ASSIGNED TASK: Transcribe the stretch of entries below from the line with "Lemma alphaU (X" through the line with "move=> dis X1small X2small noedge.", exactly and with both ends included; leave out all other lines.

#### INPUT DATA ####

Lemma tcomp_eq x u v : v \in tcomp x u -> tcomp x v = tcomp x u.
Proof.
rewrite inE => /andP[_ cuv]; apply/setP => z; rewrite !inE; case: (z != x) => //=.
apply/idP/idP; first exact: connect_trans.
by rewrite connect_avoid_sym in cuv; apply: connect_trans.
Qed.

Lemma path_avoid x a p : path t a p -> x \notin a :: p -> path (avoid x) a p.
Proof.
elim: p a => //= b p IH a /andP[tab pb]; rewrite !inE => /norP[xa /norP[xb xp]].
by rewrite /= tab eq_sym xa eq_sym xb IH // inE negb_or xb.
Qed.

Lemma tcomp_neighbor x u : u != x -> exists2 y, t x y & y \in tcomp x u.
Proof.
move=> ux; have [[|y p] [/= pth uq lst]] := connect_uniq_path (tconn x u).
  by rewrite -lst eqxx in ux.
case/andP: pth => txy pth; case/andP: uq => xn _; exists y => //.
have yx : y != x by apply: contraNneq xn => ->; rewrite mem_head.
rewrite inE yx connect_avoid_sym; apply/connectP; exists p => //.
exact: path_avoid.
Qed.

(* A path from [y] to [x] avoiding the edge [xy] would close a cycle. *)
Lemma tcomp_edge_disjoint x y u : t x y -> u \in tcomp x y -> u \notin tcomp y x.
Proof.
move=> txy; rewrite !inE => /andP[ux cyu]; apply/negP => /andP[uy cxu].
pose t' := [rel a b | t a b && ~~ (((a == x) && (b == y)) || ((a == y) && (b == x)))].
have avoid_t' z : z \in [:: x; y] -> subrel (avoid z) t'.
  move=> zxy a b /and3P[tab az bz] /=; rewrite tab; move: zxy; rewrite !inE.
  by case/orP=> /eqP <-; rewrite (negbTE az) (negbTE bz) ?andbF.
have cyx : connect t' y x.
  rewrite connect_avoid_sym in cxu.
  apply: connect_trans (connect_sub _ cyu) (connect_sub _ cxu) => a b abz;
    by apply/connect1/(avoid_t' _ _ _ _ abz); rewrite !inE eqxx ?orbT.
have xy : x != y by apply: contraTneq txy => ->; rewrite tirr.
have [[|z [|w p]] [pth uq /= lst]] := connect_uniq_path cyx.
- by rewrite lst eqxx in xy.
- by move: pth; rewrite /= lst !eqxx orbT andbF.
have t't : subrel t' t by move=> a b /andP[].
have /negP[] := tacyc uq isT.
by rewrite /cycle rcons_path (sub_path t't pth) /= lst.
Qed.

Lemma tcomp_edge_cover x y u : x != y -> u != y -> u \notin tcomp y x -> u \in tcomp x y.
Proof.
move=> xy uy; rewrite !inE uy /= => nyxu.
have ux : u != x by apply: contraNneq nyxu => ->; rewrite connect0.
rewrite ux /=; have [p [pth uq lst]] := connect_uniq_path (tconn x u).
have : y \in x :: p.
  apply: contraNT nyxu => yp; apply/connectP; exists p => //; exact: path_avoid.
rewrite inE eq_sym (negbTE xy) /= => yp; case/splitPr: yp pth uq lst => p1 p2.
rewrite cat_path /= => /and3P[_ _ pth2] /andP[xn _] lst.
apply/connectP; exists p2; last by rewrite -lst last_cat.
by apply: path_avoid => //; apply: contra xn; rewrite mem_cat => ->; rewrite orbT.
Qed.

End TreeComponents.

Lemma balanced_fiber_split (T K : finType) (W : {set T}) (L : T -> K) n :
  #|W| <= n -> (forall w, w \in W -> 2 * #|W :&: L @^-1: [set L w]| <= n) ->
  exists S : {set K},
    3 * #|W :&: L @^-1: S| <= 2 * n /\ 3 * #|W :\: L @^-1: S| <= 2 * n.
Proof.
move=> Wn fiber_small.
case: (boolP [exists w in W, n <= 3 * #|W :&: L @^-1: [set L w]|]).
  case/exists_inP => w wW big; exists [set L w].
  have := fiber_small w wW; have := cardsID (L @^-1: [set L w]) W; lia.
rewrite negb_exists_in => /forall_inP fibers_tiny.
pose small (S : {set K}) := 3 * #|W :&: L @^-1: S| <= 2 * n.
have small0 : small set0 by rewrite /small preimset0 setI0 cards0.
case: (arg_maxnP (fun S : {set K} => #|W :&: L @^-1: S|) small0) => S part_small maxS.
exists S; split => //; rewrite leqNgt; apply/negP => big.
have part_tiny : 3 * #|W :&: L @^-1: S| < n by have := cardsID (L @^-1: S) W; lia.
have /set0Pn[w] : W :\: L @^-1: S != set0 by rewrite -card_gt0; lia.
rewrite in_setD inE => /andP[wS wW].
have partU : W :&: L @^-1: (L w |: S) = (W :&: L @^-1: S) :|: (W :&: L @^-1: [set L w]).
  by rewrite preimsetU setIUr setUC.
have : W :&: L @^-1: S \proper W :&: L @^-1: (L w |: S).
  apply/properP; split; first by rewrite partU subsetUl.
  by exists w; rewrite !inE ?eqxx ?wW // (negbTE wS).
move/proper_card; rewrite ltnNge => /negP; apply; apply: maxS.
rewrite /small partU; have := fibers_tiny w wW; rewrite -ltnNge.
have [le _] := leq_card_setU (W :&: L @^-1: S) (W :&: L @^-1: [set L w]); lia.
Qed.

Section Independence.
Variables (V : finType) (e : rel V).

Lemma indepS (S S' : {set V}) : S' \subset S -> indep e S -> indep e S'.
Proof.
move=> sub /forall_inP indS; apply/forall_inP => x xS'; apply/forall_inP => y yS'.
by move/forall_inP: (indS x (subsetP sub x xS')) => /(_ y (subsetP sub y yS')).
Qed.

Lemma alpha_leq_card (X : {set V}) : alpha e X <= #|X|.
Proof. by apply/bigmax_leqP => S /andP[sub _]; apply: subset_leq_card. Qed.

Lemma alphaS (X Y : {set V}) : X \subset Y -> alpha e X <= alpha e Y.
Proof.
move=> XY; apply/bigmax_leqP => S /andP[SX indS]; apply: leq_bigmax_cond.
by rewrite indS (subset_trans SX XY).
Qed.

Lemma alphaU (X Y : {set V}) : alpha e (X :|: Y) <= alpha e X + alpha e Y.
Proof.
apply/bigmax_leqP => S /andP[SXY indS].
have alphaI Z : #|S :&: Z| <= alpha e Z.
  by apply: leq_bigmax_cond; rewrite subsetIr (indepS (subsetIl _ _) indS).
have -> : S = (S :&: X) :|: (S :&: Y) by rewrite -setIUr; apply/esym/setIidPl.
by apply: leq_trans (leq_card_setU _ _).1 _; apply: leq_add.
Qed.

End Independence.

Section Separations.
Variables (V : finType) (e : rel V).

Lemma balanced_sep_setC (X1 X2 : {set V}) :
  [disjoint X1 & X2] -> 3 * #|X1| <= 2 * #|V| -> 3 * #|X2| <= 2 * #|V| ->
  (forall x y, x \in X1 -> y \in X2 -> ~~ e x y && ~~ e y x) ->
  balanced_sep e (~: X2) (~: X1).
Proof.
move=> dis X1small X2small noedge.
have D12 : ~: X2 :\: ~: X1 = X1.
  by rewrite setDE setCK setIC; apply/setIidPl; rewrite -disjoints_subset.
have D21 : ~: X1 :\: ~: X2 = X2.
  by rewrite setDE setCK setIC; apply/setIidPl; rewrite -disjoints_subset disjoint_sym.
rewrite /balanced_sep /separation D12 D21 X1small X2small !andbT -setCI.
have -> : X2 :&: X1 = set0 by apply: disjoint_setI0; rewrite disjoint_sym.
by rewrite setC0 eqxx; apply/forall_inP => x x1; apply/forall_inP => y y2; apply: noedge.
Qed.

Lemma s_alpha_leq_sep (A B : {set V}) :
  balanced_sep e A B -> s_alpha e <= alpha e (A :&: B).
Proof.
move=> bal; rewrite /s_alpha.
have : (A, B) \in index_enum (prod {set V} {set V}) by rewrite mem_index_enum.
elim: (index_enum _) => [|p r IH] //; rewrite big_cons inE => /predU1P[<-|pr].
  by rewrite bal geq_minl.
by case: ifP => _; rewrite ?geq_min IH ?orbT.
Qed.

Lemma s_alpha_leq_card : s_alpha e <= #|V|.
Proof.
rewrite /s_alpha; elim/big_ind: _ => [//|a b ha hb|p _]; first by rewrite geq_min ha.
exact: leq_trans (alpha_leq_card _ _) (max_card _).
Qed.

End Separations.

Section TreeDecomposition.
Variables (V : finType) (e : rel V) (C : {set V}).
Variables (I : finType) (t : rel I) (bag : I -> {set V}).
Hypothesis td : tree_decomp_of e C t bag.

Let tsym : symmetric t. Proof. by case: td => [[]]. Qed.
Let tirr : irreflexive t. Proof. by case: td => [[]]. Qed.
Let tconn : forall x y, connect t x y. Proof. by case: td => [[]]. Qed.
Let tacyc : forall s : seq I, uniq s -> 3 <= size s -> ~~ cycle t s.
Proof. by case: td => [[]]. Qed.

Lemma mem_tcomp_bags w x a b :
  w \in C -> w \notin bag x -> w \in bag a -> w \in bag b -> b \in tcomp t x a.
Proof.
move=> wC wx wa wb; rewrite inE; apply/andP; split; first by apply: contraNneq wx => <-.
case: td => _ _ _ _ /(_ w wC a b wa wb); apply: connect_sub => a' b' /and3P[ta'b' wa' wb'].
by apply: connect1; rewrite /= ta'b' /=; apply/andP; split; apply: contraNneq wx => <-.
Qed.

####

ANSWER:
Lemma alphaU (X Y : {set V}) : alpha e (X :|: Y) <= alpha e X + alpha e Y.
Proof.
apply/bigmax_leqP => S /andP[SXY indS].
have alphaI Z : #|S :&: Z| <= alpha e Z.
  by apply: leq_bigmax_cond; rewrite subsetIr (indepS (subsetIl _ _) indS).
have -> : S = (S :&: X) :|: (S :&: Y) by rewrite -setIUr; apply/esym/setIidPl.
by apply: leq_trans (leq_card_setU _ _).1 _; apply: leq_add.
Qed.

End Independence.

Section Separations.
Variables (V : finType) (e : rel V).

Lemma balanced_sep_setC (X1 X2 : {set V}) :
  [disjoint X1 & X2] -> 3 * #|X1| <= 2 * #|V| -> 3 * #|X2| <= 2 * #|V| ->
  (forall x y, x \in X1 -> y \in X2 -> ~~ e x y && ~~ e y x) ->
  balanced_sep e (~: X2) (~: X1).
Proof.
move=> dis X1small X2small noedge.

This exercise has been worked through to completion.